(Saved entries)
=== Section Start ===

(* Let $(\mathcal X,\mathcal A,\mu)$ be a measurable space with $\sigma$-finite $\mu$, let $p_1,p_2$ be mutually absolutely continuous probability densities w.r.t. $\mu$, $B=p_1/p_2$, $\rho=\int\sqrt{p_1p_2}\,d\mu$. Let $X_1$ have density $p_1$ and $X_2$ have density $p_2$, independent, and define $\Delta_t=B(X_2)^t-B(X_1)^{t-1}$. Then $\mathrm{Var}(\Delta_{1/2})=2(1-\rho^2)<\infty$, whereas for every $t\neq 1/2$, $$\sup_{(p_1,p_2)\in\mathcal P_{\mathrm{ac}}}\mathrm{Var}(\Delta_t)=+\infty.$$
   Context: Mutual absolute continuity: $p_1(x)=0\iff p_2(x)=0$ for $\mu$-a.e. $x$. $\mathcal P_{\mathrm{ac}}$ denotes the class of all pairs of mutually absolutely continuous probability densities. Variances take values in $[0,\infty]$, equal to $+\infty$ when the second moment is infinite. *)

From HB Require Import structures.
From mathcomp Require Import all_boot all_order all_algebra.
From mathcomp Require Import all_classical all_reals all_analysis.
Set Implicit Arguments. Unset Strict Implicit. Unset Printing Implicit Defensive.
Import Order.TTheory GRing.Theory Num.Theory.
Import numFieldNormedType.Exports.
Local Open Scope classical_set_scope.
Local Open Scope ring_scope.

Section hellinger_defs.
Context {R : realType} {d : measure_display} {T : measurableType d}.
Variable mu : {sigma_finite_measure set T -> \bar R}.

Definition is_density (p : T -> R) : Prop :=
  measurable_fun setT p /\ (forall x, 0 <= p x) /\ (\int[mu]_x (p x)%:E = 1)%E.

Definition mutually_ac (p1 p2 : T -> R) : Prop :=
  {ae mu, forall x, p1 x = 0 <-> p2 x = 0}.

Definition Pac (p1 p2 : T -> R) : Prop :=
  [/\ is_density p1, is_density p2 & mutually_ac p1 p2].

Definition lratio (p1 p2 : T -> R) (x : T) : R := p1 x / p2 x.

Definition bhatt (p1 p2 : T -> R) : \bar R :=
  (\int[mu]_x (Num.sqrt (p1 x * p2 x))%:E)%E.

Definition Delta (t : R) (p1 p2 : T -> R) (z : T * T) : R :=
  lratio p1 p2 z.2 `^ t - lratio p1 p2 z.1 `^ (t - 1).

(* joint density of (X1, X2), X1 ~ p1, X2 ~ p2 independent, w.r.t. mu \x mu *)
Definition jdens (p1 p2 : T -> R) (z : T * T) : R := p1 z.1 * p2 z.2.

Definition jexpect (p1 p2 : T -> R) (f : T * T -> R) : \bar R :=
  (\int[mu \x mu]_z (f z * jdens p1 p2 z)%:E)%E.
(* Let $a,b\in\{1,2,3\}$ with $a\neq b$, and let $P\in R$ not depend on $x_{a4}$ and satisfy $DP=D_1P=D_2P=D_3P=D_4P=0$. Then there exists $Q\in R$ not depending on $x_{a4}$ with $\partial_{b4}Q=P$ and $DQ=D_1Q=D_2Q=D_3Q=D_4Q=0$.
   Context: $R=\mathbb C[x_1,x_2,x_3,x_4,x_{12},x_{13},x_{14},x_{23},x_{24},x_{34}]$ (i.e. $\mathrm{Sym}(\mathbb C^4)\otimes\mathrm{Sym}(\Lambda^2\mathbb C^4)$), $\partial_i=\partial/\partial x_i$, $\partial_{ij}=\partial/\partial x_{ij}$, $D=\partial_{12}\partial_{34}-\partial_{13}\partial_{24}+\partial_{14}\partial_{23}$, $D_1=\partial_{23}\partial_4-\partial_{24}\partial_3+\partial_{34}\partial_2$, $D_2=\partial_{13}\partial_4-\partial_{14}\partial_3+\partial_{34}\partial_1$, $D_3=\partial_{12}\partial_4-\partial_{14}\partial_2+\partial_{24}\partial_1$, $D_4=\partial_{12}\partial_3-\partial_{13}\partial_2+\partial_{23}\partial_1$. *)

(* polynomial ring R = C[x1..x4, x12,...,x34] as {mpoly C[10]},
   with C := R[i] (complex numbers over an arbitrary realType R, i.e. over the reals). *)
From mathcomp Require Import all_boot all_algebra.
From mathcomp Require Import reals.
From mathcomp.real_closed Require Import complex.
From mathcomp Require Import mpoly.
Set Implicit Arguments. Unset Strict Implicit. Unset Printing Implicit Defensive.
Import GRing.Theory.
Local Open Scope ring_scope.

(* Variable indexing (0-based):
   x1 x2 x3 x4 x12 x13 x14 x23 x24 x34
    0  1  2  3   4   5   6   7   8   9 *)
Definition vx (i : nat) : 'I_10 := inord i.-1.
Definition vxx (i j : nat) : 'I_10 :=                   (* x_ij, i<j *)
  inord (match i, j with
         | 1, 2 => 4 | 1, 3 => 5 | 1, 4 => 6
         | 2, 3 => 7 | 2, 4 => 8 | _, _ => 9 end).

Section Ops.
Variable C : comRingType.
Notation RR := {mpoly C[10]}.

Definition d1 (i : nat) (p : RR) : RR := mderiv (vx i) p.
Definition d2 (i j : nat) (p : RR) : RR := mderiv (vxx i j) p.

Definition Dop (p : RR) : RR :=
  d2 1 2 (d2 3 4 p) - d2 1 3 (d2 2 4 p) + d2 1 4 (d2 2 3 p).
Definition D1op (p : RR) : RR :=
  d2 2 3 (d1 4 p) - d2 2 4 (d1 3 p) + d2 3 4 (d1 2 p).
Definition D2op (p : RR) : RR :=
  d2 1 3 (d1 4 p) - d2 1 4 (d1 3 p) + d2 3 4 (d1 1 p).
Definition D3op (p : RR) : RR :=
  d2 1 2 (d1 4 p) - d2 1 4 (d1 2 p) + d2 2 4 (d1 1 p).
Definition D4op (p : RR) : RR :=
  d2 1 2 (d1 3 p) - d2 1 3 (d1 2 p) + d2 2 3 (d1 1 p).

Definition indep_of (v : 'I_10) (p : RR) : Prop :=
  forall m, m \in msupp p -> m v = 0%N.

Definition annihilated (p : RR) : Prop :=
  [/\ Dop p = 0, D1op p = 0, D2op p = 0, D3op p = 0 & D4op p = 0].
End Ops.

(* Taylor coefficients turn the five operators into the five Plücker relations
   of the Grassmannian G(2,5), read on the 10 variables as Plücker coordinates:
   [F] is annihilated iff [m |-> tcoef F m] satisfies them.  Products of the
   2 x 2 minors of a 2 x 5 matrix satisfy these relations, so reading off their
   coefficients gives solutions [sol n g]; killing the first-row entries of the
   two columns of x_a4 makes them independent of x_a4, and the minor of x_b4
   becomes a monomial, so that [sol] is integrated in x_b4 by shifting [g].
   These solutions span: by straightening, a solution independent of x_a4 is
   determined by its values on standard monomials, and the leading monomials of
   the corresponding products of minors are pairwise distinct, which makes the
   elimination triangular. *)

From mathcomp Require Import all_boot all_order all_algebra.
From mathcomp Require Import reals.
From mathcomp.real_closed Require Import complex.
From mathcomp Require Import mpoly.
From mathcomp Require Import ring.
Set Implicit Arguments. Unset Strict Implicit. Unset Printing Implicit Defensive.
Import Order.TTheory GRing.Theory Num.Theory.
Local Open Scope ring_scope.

=== Section End ===

DIRECTIONS:
Keep every word the same and copy out all of the entries.

RESPONSE AREA:
(* Let $(\mathcal X,\mathcal A,\mu)$ be a measurable space with $\sigma$-finite $\mu$, let $p_1,p_2$ be mutually absolutely continuous probability densities w.r.t. $\mu$, $B=p_1/p_2$, $\rho=\int\sqrt{p_1p_2}\,d\mu$. Let $X_1$ have density $p_1$ and $X_2$ have density $p_2$, independent, and define $\Delta_t=B(X_2)^t-B(X_1)^{t-1}$. Then $\mathrm{Var}(\Delta_{1/2})=2(1-\rho^2)<\infty$, whereas for every $t\neq 1/2$, $$\sup_{(p_1,p_2)\in\mathcal P_{\mathrm{ac}}}\mathrm{Var}(\Delta_t)=+\infty.$$
   Context: Mutual absolute continuity: $p_1(x)=0\iff p_2(x)=0$ for $\mu$-a.e. $x$. $\mathcal P_{\mathrm{ac}}$ denotes the class of all pairs of mutually absolutely continuous probability densities. Variances take values in $[0,\infty]$, equal to $+\infty$ when the second moment is infinite. *)

From HB Require Import structures.
From mathcomp Require Import all_boot all_order all_algebra.
From mathcomp Require Import all_classical all_reals all_analysis.
Set Implicit Arguments. Unset Strict Implicit. Unset Printing Implicit Defensive.
Import Order.TTheory GRing.Theory Num.Theory.
Import numFieldNormedType.Exports.
Local Open Scope classical_set_scope.
Local Open Scope ring_scope.

Section hellinger_defs.
Context {R : realType} {d : measure_display} {T : measurableType d}.
Variable mu : {sigma_finite_measure set T -> \bar R}.

Definition is_density (p : T -> R) : Prop :=
  measurable_fun setT p /\ (forall x, 0 <= p x) /\ (\int[mu]_x (p x)%:E = 1)%E.

Definition mutually_ac (p1 p2 : T -> R) : Prop :=
  {ae mu, forall x, p1 x = 0 <-> p2 x = 0}.

Definition Pac (p1 p2 : T -> R) : Prop :=
  [/\ is_density p1, is_density p2 & mutually_ac p1 p2].

Definition lratio (p1 p2 : T -> R) (x : T) : R := p1 x / p2 x.

Definition bhatt (p1 p2 : T -> R) : \bar R :=
  (\int[mu]_x (Num.sqrt (p1 x * p2 x))%:E)%E.

Definition Delta (t : R) (p1 p2 : T -> R) (z : T * T) : R :=
  lratio p1 p2 z.2 `^ t - lratio p1 p2 z.1 `^ (t - 1).

(* joint density of (X1, X2), X1 ~ p1, X2 ~ p2 independent, w.r.t. mu \x mu *)
Definition jdens (p1 p2 : T -> R) (z : T * T) : R := p1 z.1 * p2 z.2.

Definition jexpect (p1 p2 : T -> R) (f : T * T -> R) : \bar R :=
  (\int[mu \x mu]_z (f z * jdens p1 p2 z)%:E)%E.
(* Let $a,b\in\{1,2,3\}$ with $a\neq b$, and let $P\in R$ not depend on $x_{a4}$ and satisfy $DP=D_1P=D_2P=D_3P=D_4P=0$. Then there exists $Q\in R$ not depending on $x_{a4}$ with $\partial_{b4}Q=P$ and $DQ=D_1Q=D_2Q=D_3Q=D_4Q=0$.
   Context: $R=\mathbb C[x_1,x_2,x_3,x_4,x_{12},x_{13},x_{14},x_{23},x_{24},x_{34}]$ (i.e. $\mathrm{Sym}(\mathbb C^4)\otimes\mathrm{Sym}(\Lambda^2\mathbb C^4)$), $\partial_i=\partial/\partial x_i$, $\partial_{ij}=\partial/\partial x_{ij}$, $D=\partial_{12}\partial_{34}-\partial_{13}\partial_{24}+\partial_{14}\partial_{23}$, $D_1=\partial_{23}\partial_4-\partial_{24}\partial_3+\partial_{34}\partial_2$, $D_2=\partial_{13}\partial_4-\partial_{14}\partial_3+\partial_{34}\partial_1$, $D_3=\partial_{12}\partial_4-\partial_{14}\partial_2+\partial_{24}\partial_1$, $D_4=\partial_{12}\partial_3-\partial_{13}\partial_2+\partial_{23}\partial_1$. *)

(* polynomial ring R = C[x1..x4, x12,...,x34] as {mpoly C[10]},
   with C := R[i] (complex numbers over an arbitrary realType R, i.e. over the reals). *)
From mathcomp Require Import all_boot all_algebra.
From mathcomp Require Import reals.
From mathcomp.real_closed Require Import complex.
From mathcomp Require Import mpoly.
Set Implicit Arguments. Unset Strict Implicit. Unset Printing Implicit Defensive.
Import GRing.Theory.
Local Open Scope ring_scope.

(* Variable indexing (0-based):
   x1 x2 x3 x4 x12 x13 x14 x23 x24 x34
    0  1  2  3   4   5   6   7   8   9 *)
Definition vx (i : nat) : 'I_10 := inord i.-1.
Definition vxx (i j : nat) : 'I_10 :=                   (* x_ij, i<j *)
  inord (match i, j with
         | 1, 2 => 4 | 1, 3 => 5 | 1, 4 => 6
         | 2, 3 => 7 | 2, 4 => 8 | _, _ => 9 end).

Section Ops.
Variable C : comRingType.
Notation RR := {mpoly C[10]}.

Definition d1 (i : nat) (p : RR) : RR := mderiv (vx i) p.
Definition d2 (i j : nat) (p : RR) : RR := mderiv (vxx i j) p.

Definition Dop (p : RR) : RR :=
  d2 1 2 (d2 3 4 p) - d2 1 3 (d2 2 4 p) + d2 1 4 (d2 2 3 p).
Definition D1op (p : RR) : RR :=
  d2 2 3 (d1 4 p) - d2 2 4 (d1 3 p) + d2 3 4 (d1 2 p).
Definition D2op (p : RR) : RR :=
  d2 1 3 (d1 4 p) - d2 1 4 (d1 3 p) + d2 3 4 (d1 1 p).
Definition D3op (p : RR) : RR :=
  d2 1 2 (d1 4 p) - d2 1 4 (d1 2 p) + d2 2 4 (d1 1 p).
Definition D4op (p : RR) : RR :=
  d2 1 2 (d1 3 p) - d2 1 3 (d1 2 p) + d2 2 3 (d1 1 p).

Definition indep_of (v : 'I_10) (p : RR) : Prop :=
  forall m, m \in msupp p -> m v = 0%N.

Definition annihilated (p : RR) : Prop :=
  [/\ Dop p = 0, D1op p = 0, D2op p = 0, D3op p = 0 & D4op p = 0].
End Ops.

(* Taylor coefficients turn the five operators into the five Plücker relations
   of the Grassmannian G(2,5), read on the 10 variables as Plücker coordinates:
   [F] is annihilated iff [m |-> tcoef F m] satisfies them.  Products of the
   2 x 2 minors of a 2 x 5 matrix satisfy these relations, so reading off their
   coefficients gives solutions [sol n g]; killing the first-row entries of the
   two columns of x_a4 makes them independent of x_a4, and the minor of x_b4
   becomes a monomial, so that [sol] is integrated in x_b4 by shifting [g].
   These solutions span: by straightening, a solution independent of x_a4 is
   determined by its values on standard monomials, and the leading monomials of
   the corresponding products of minors are pairwise distinct, which makes the
   elimination triangular. *)

From mathcomp Require Import all_boot all_order all_algebra.
From mathcomp Require Import reals.
From mathcomp.real_closed Require Import complex.
From mathcomp Require Import mpoly.
From mathcomp Require Import ring.
Set Implicit Arguments. Unset Strict Implicit. Unset Printing Implicit Defensive.
Import Order.TTheory GRing.Theory Num.Theory.
Local Open Scope ring_scope.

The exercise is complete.